Data collection update and data upload
After the collection has been created, it can be modified during a transient phase: meanwhile, the collection state is NEW
and the user can do the following:
- add additional data files
- add additional metadata attributes
- update already defined data files/attributes
- delete already defined data files/attributes
- upload the data files
The LTS service generates a set of object store temporary URLs, one for each data file, which will be used to upload them to the object store. LTS is not involved in the upload operation, the data path comes from the user machine to the CSCS Object Store servers.
Licensing
When you prepare a data collection you must specify the license under which you publish your data. The default is the Creative Commons CC BY 4.0 license, but you can choose other ones. This Licensing guide provides information about the data licenses available in LTS.
Commit
At the end of the creation/update/upload phase, the user has to declare that the definition of the collection is complete. This is done by the user, who sends a collection commit request: after the commit request, the collection state changes from NEW
to COMMITTED
and from that point on the data collection definition cannot be modified anymore.
Validation
Once the LTS service has received the commit request, it starts performing the validation operations needed to assess whether the files uploaded are consistent with the the checksums defined in the collection. If a mismatch is found, then the collection gets a FAILED
status and the issue is reported back to the user. If all files are found in the object store and they have the correct checksum, the collection state is set to VALIDATED
. At the end of the validation process, LTS sets the Object Store container ACLs in order to make the container world readable.
Handle assignment
When the collection has entered the VALIDATED
state, it's time for the LTS service to talk with the PID service and ask for a handle. The handle is attached to the collection and at that point the creation workflow of the collection is complete and the collection enter in the state HANDLE_ASSIGNED
and the state COMPLETED
shortly after that.
Dealing with Failures
After the collection is committed by the user, LTS performs a serie of checks on the uploaded data and requests an handle to the ePIC handle service. If any error occurs during this phase the collection state will be FAILED
. Possible reasons for this state are:
- a failure in one of the LTS microservices
- a failure in one of the underneath services (object store, handle server, database server etc ..)
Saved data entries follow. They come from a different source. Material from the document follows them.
(* Let $\beta>1$ and let $t\in[0,1)\setminus\mathcal U$. Then there exists a $\beta$-rational number $r\in\mathbb Q_{(\beta)}$ such that $t\in I_r^*=(r,r^* )$. Moreover both endpoints $r$ and $r^*$ of $I_r^*$ are bifurcation parameters (that is, $r\in\mathcal U$, and $r^*\in\mathcal U$ or $r^*=1$).
   Context: Let $\gamma=\beta-1$ if $\beta$ is an integer and $\gamma=\lfloor\beta\rfloor$ otherwise. $T_\beta(x)=\beta x-\lfloor\beta x\rfloor$ on $[0,1)$. The greedy $\beta$-expansion of $x\in[0,1)$ is $b(x,\beta)=(b_i)$ with $b_i=\lfloor\beta T_\beta^{i-1}(x)\rfloor$. The quasi-greedy $\beta$-expansion $\alpha(\beta)$ of $1$ is the lexicographically largest sequence in $\{0,\dots,\gamma\}^{\mathbb N}$, not eventually zero, with $1=\sum_i\alpha(\beta)_i\beta^{-i}$. $\sigma$ is the left shift, $\prec,\preceq$ the lexicographic order, and $\pi((x_i))=\sum_i x_i\beta^{-i}$. $\Sigma_\beta=\{\omega\in\{0,\dots,\gamma\}^{\mathbb N}\colon\sigma^k(\omega)\prec\alpha(\beta)\ \forall k\ge0\}$ (the set of greedy expansions). A number $r\in(0,1)$ is $\beta$-rational if $b(r,\beta)=r_1\cdots r_m0^\infty$ with $r_m\ne0$; $\mathbb Q_{(\beta)}$ is the set of such numbers. For such $r$ define $r^*$ as follows. If the periodic sequence $(r_1\cdots r_m)^\infty\in\Sigma_\beta$, then $r^*=\pi((r_1\cdots r_m)^\infty)$. Otherwise, if $r_1=\gamma$, set $r^*=\pi(\alpha(\beta))=1$; if $r_1<\gamma$, start from $x^{(0)}=(r_1\cdots r_m)^\infty$ and, as long as $x^{(i)}\notin\Sigma_\beta$, let $j=\min\{k\ge0\colon\sigma^k(x^{(i)})\succeq\alpha(\beta)\}$ (one has $j\ge1$) and set $x^{(i+1)}=x^{(i)}_1\cdots x^{(i)}_{j-1}(x^{(i)}_j+1)0^\infty$; this terminates after finitely many steps at a sequence $\tilde r'\in\Sigma_\beta$, and $r^*=\pi(\tilde r')$. Put $I_r^*=(r,r^* )$. For $0<t<1$ let $K(t)=\{x\in[0,1)\colon T_\beta^k(x)\notin(0,t)\ \forall k\ge0\}$, $K(0)=[0,1)$, $K(1)=\{0\}$. A parameter $t\in[0,1]$ is a bifurcation parameter if $t\in\{0,1\}$, or $0<t<1$ and for every $\delta>0$ there is $t'\in(t-\delta,t+\delta)$ with $K(t')\ne K(t)$; $\mathcal U$ is the set of bifurcation parameters in $[0,1)$. *)

From Stdlib Require Import Reals Lra Lia ZArith Arith.
From Coquelicot Require Import Coquelicot.
Open Scope R_scope.

(* Sequences are indexed from 0: w 0 is the first digit (w_1 in the paper). *)
Definition digseq := nat -> nat.

Definition flr (x : R) : Z := Int_part x.

Definition gamma (beta : R) : nat :=
  if Req_EM_T beta (IZR (flr beta)) then (Z.to_nat (flr beta) - 1)%nat
  else Z.to_nat (flr beta).

Definition Tb (beta x : R) : R := beta * x - IZR (flr (beta * x)).
Definition phi (N : nat) (Zinv : 'M[C]_N) (zKL : C) (zKS : 'rV[C]_N)
  (zSL : 'cV[C]_N) : C := zKL - (zKS *m Zinv *m zSL) 0 0.

Definition hE2E (N : nat) (ZSS : 'M[C]_N) (zG zL zTT zRR zTR : C)
  (zTS zRS : 'rV[C]_N) (zST zSR : 'cV[C]_N) (R0 : R) (x : 'rV[R]_N) : C :=
  let Zi := invmx (ZSE ZSS R0 x) in
  let pTT := phi Zi zTT zTS zST in
  let pRR := phi Zi zRR zRS zSR in
  let pTR := phi Zi zTR zTS zSR in
  let zT := zG + pTT in
  let zR := zL + pRR in
  zL * pTR / (zT * zR - pTR ^+ 2).

Definition fE2E (N : nat) (ZSS : 'M[C]_N) (zG zL zTT zRR zTR : C)
  (zTS zRS : 'rV[C]_N) (zST zSR : 'cV[C]_N) (R0 : R) (x : 'rV[R]_N) : R :=
  sqmod (hE2E ZSS zG zL zTT zRR zTR zTS zRS zST zSR R0 x).
End Defs.

(* Along the coordinate direction e_j, Z_SE moves by the rank-one matrix j t e_j e_j^T, so by
   Sherman-Morrison Z_SE^-1 moves by -s(t) Z_SE^-1 e_j e_j^T Z_SE^-1 with s(t) = jt / (1 + jt d)
   and s'(0) = j.  Every phi_KL is therefore affine in s(t), h_E2E is a fixed rational function of
   the three phi's, and the chain rule gives h' = j E_jj.  Finally d|h|^2 = 2 Re (h conj h') =
   2 Im (h conj E_jj). *)
From HB Require Import structures.
From mathcomp Require Import all_boot all_order all_algebra.
From mathcomp Require Import all_classical all_reals all_analysis.
From mathcomp Require Import complex.
From mathcomp Require Import ring lra.
Import Order.TTheory GRing.Theory Num.Theory.
Import numFieldNormedType.Exports.
Local Open Scope ring_scope.
Local Open Scope complex_scope.
Set Implicit Arguments.
Unset Strict Implicit.

Section MatrixUnitSandwich.
Variables (F : comPzRingType) (N : nat).
Implicit Types (A B : 'M[F]_N) (j : 'I_N).

Lemma mul_col_rowE (P : 'cV[F]_N) (Q : 'rV[F]_N) i k : (P *m Q) i k = P i 0 * Q 0 k.
Proof. by rewrite mxE big_ord1. Qed.

Lemma mul_sandwich_col_row_diag A B (P : 'cV[F]_N) (Q : 'rV[F]_N) i :
  (A *m (P *m Q) *m B) i i = (A *m P) i 0 * (Q *m B) 0 i.
Proof. by rewrite mulmxA -(mulmxA _ Q) mul_col_rowE. Qed.

Lemma sandwich_lincomb_diag A B (P P' : 'cV[F]_N) (Q Q' : 'rV[F]_N) (al be ga : F) i :
  (A *m (al *: (P *m Q) - be *: (P' *m Q) - ga *: (P *m Q')) *m B) i i =
  al * ((A *m P) i 0 * (Q *m B) 0 i) - be * ((A *m P') i 0 * (Q *m B) 0 i)
  - ga * ((A *m P) i 0 * (Q' *m B) 0 i).
Proof.
rewrite !mulmxBr !mulmxBl -!scalemxAr -!scalemxAl -!mul_sandwich_col_row_diag.
by move: (A *m (P *m Q) *m B) (A *m (P' *m Q) *m B) (A *m (P *m Q') *m B) => ? ? ?; rewrite !mxE.
Qed.

Lemma form_delta_mx (u : 'rV[F]_N) A B (v : 'cV[F]_N) j :
  (u *m (A *m delta_mx j j *m B) *m v) 0 0 = (u *m A) 0 j * (B *m v) j 0.
Proof.
rewrite -(mul_delta_mx (0 : 'I_1) j j) !mulmxA -colE -!mulmxA.
rewrite mxE big_ord1 mxE; congr (_ * _).
by rewrite mulmxA -rowE -row_mul mxE.
Qed.

Lemma delta_mx_sandwich A j : delta_mx j j *m A *m delta_mx j j = A j j *: delta_mx j j.
Proof.
rewrite -(mul_delta_mx (0 : 'I_1) j j) !mulmxA -(mulmxA (delta_mx j 0)) -rowE.
rewrite -(mulmxA (delta_mx j 0)) -colE [col _ _]mx11_scalar !mxE.
by rewrite mul_mx_scalar scalemxAl.
Qed.
End MatrixUnitSandwich.

Lemma invmx_add_delta (F : fieldType) N (Z : 'M[F]_N) j (c : F) :
  Z \in unitmx -> 1 + c * invmx Z j j != 0 ->
  invmx (Z + c *: delta_mx j j) =
  invmx Z - (c / (1 + c * invmx Z j j)) *: (invmx Z *m delta_mx j j *m invmx Z).
Proof.
move=> Zu nz; set Zi := invmx Z; set s := c / (1 + c * Zi j j).
have cs : c * (s * Zi j j) = c - s by rewrite /s; field.
have right_inv : (Z + c *: delta_mx j j) *m (Zi - s *: (Zi *m delta_mx j j *m Zi)) = 1%:M.
  rewrite mulmxDl !mulmxBr mulmxV // -!scalemxAl -!scalemxAr !mulmxA mulmxV // mul1mx.
  rewrite delta_mx_sandwich -scalemxAl !scalerA cs scalerBl.
  by rewrite opprB [c *: _ + _]addrC !subrK.
have [Zcu _] := mulmx1_unit right_inv.
by rewrite -[LHS]mulmx1 -right_inv mulmxA mulVmx // mul1mx.
Qed.

Section ComplexParts.
Variable R : rcfType.
Local Notation C := R[i].
Local Notation Re := (@complex.Re R).
Local Notation Im := (@complex.Im R).
Implicit Types a b : C.

Lemma Re_add a b : Re (a + b) = Re a + Re b. Proof. by case: a; case: b. Qed.
Lemma Im_add a b : Im (a + b) = Im a + Im b. Proof. by case: a; case: b. Qed.
Lemma Re_opp a : Re (- a) = - Re a. Proof. by case: a. Qed.
Lemma Im_opp a : Im (- a) = - Im a. Proof. by case: a. Qed.
Lemma Re_mul a b : Re (a * b) = Re a * Re b - Im a * Im b.
Proof. by case: a; case: b. Qed.
Lemma Im_mul a b : Im (a * b) = Re a * Im b + Im a * Re b.
Proof. by case: a => ? ?; case: b => ? ? /=; rewrite addrC. Qed.
Lemma Re_mul_conj_mulI (a b : C) : Re (a * ('i * b)^*) = Im (a * b^*).
Proof. by case: a => ? ?; case: b => ? ? /=; ring. Qed.

End ComplexParts.

Section ComplexDerivative.
Variable R : realType.
Local Notation C := R[i].
Local Notation Re := (@complex.Re R).
Local Notation Im := (@complex.Im R).
Implicit Types (x v : R) (c d : R -> C) (dc dd : C).

Lemma Re_inv (a : C) : Re a^-1 = Re a / sqmod a. Proof. by case: a. Qed.
Lemma Im_inv (a : C) : Im a^-1 = - (Im a / sqmod a). Proof. by case: a. Qed.

Lemma sqmod_eq0 (a : C) : (sqmod a == 0) = (a == 0).
Proof.
case: a => p q; rewrite /sqmod paddr_eq0 ?sqr_ge0 // !sqrf_eq0.
by rewrite eq_complex.
Qed.

Definition is_deriveC x v c dc :=
  is_derive x v (fun t => Re (c t)) (Re dc) /\ is_derive x v (fun t => Im (c t)) (Im dc).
- one or more data files were not uploaded
- one or more data file checksums are wrong
When in state FAILED
the collection is still editable. The user will have to review the content of the collection, fix the checksum or re-upload files if he/she spots anything wrong or missing. Then the collection needs to be saved and the validation retried. The validation process can be retried clicking on "Retry Data Collection" from the web portal or through the commit
endpoint if using the RESTful API.
Downloading data from LTS
The data is publicly accessible via the HTTP protocol once the status of the collection has entered the COMPLETED
step. Its URL can be found under the "Handle" attribute of the data collection.
Further Documentation
The Long Term Storage webinar, held in June 2021, provides an description of the Long Term Storage service use case, its architecture and workflow, and a demonstration of the Web Portal.
The RESTful API HowTo provides some usage examples for the LTS API with curl
and Python.
The Web portal: create a data collection page provides usage examples for the creation of a data collection in the LTS web portal.
The Web portal: define and upload objects page provides usage examples for definition and the upload of data collection objects in the LTS web portal.
The Licensing guide provides information about the data licenses available in LTS.
The Landing page page provides information about the LTS landing page.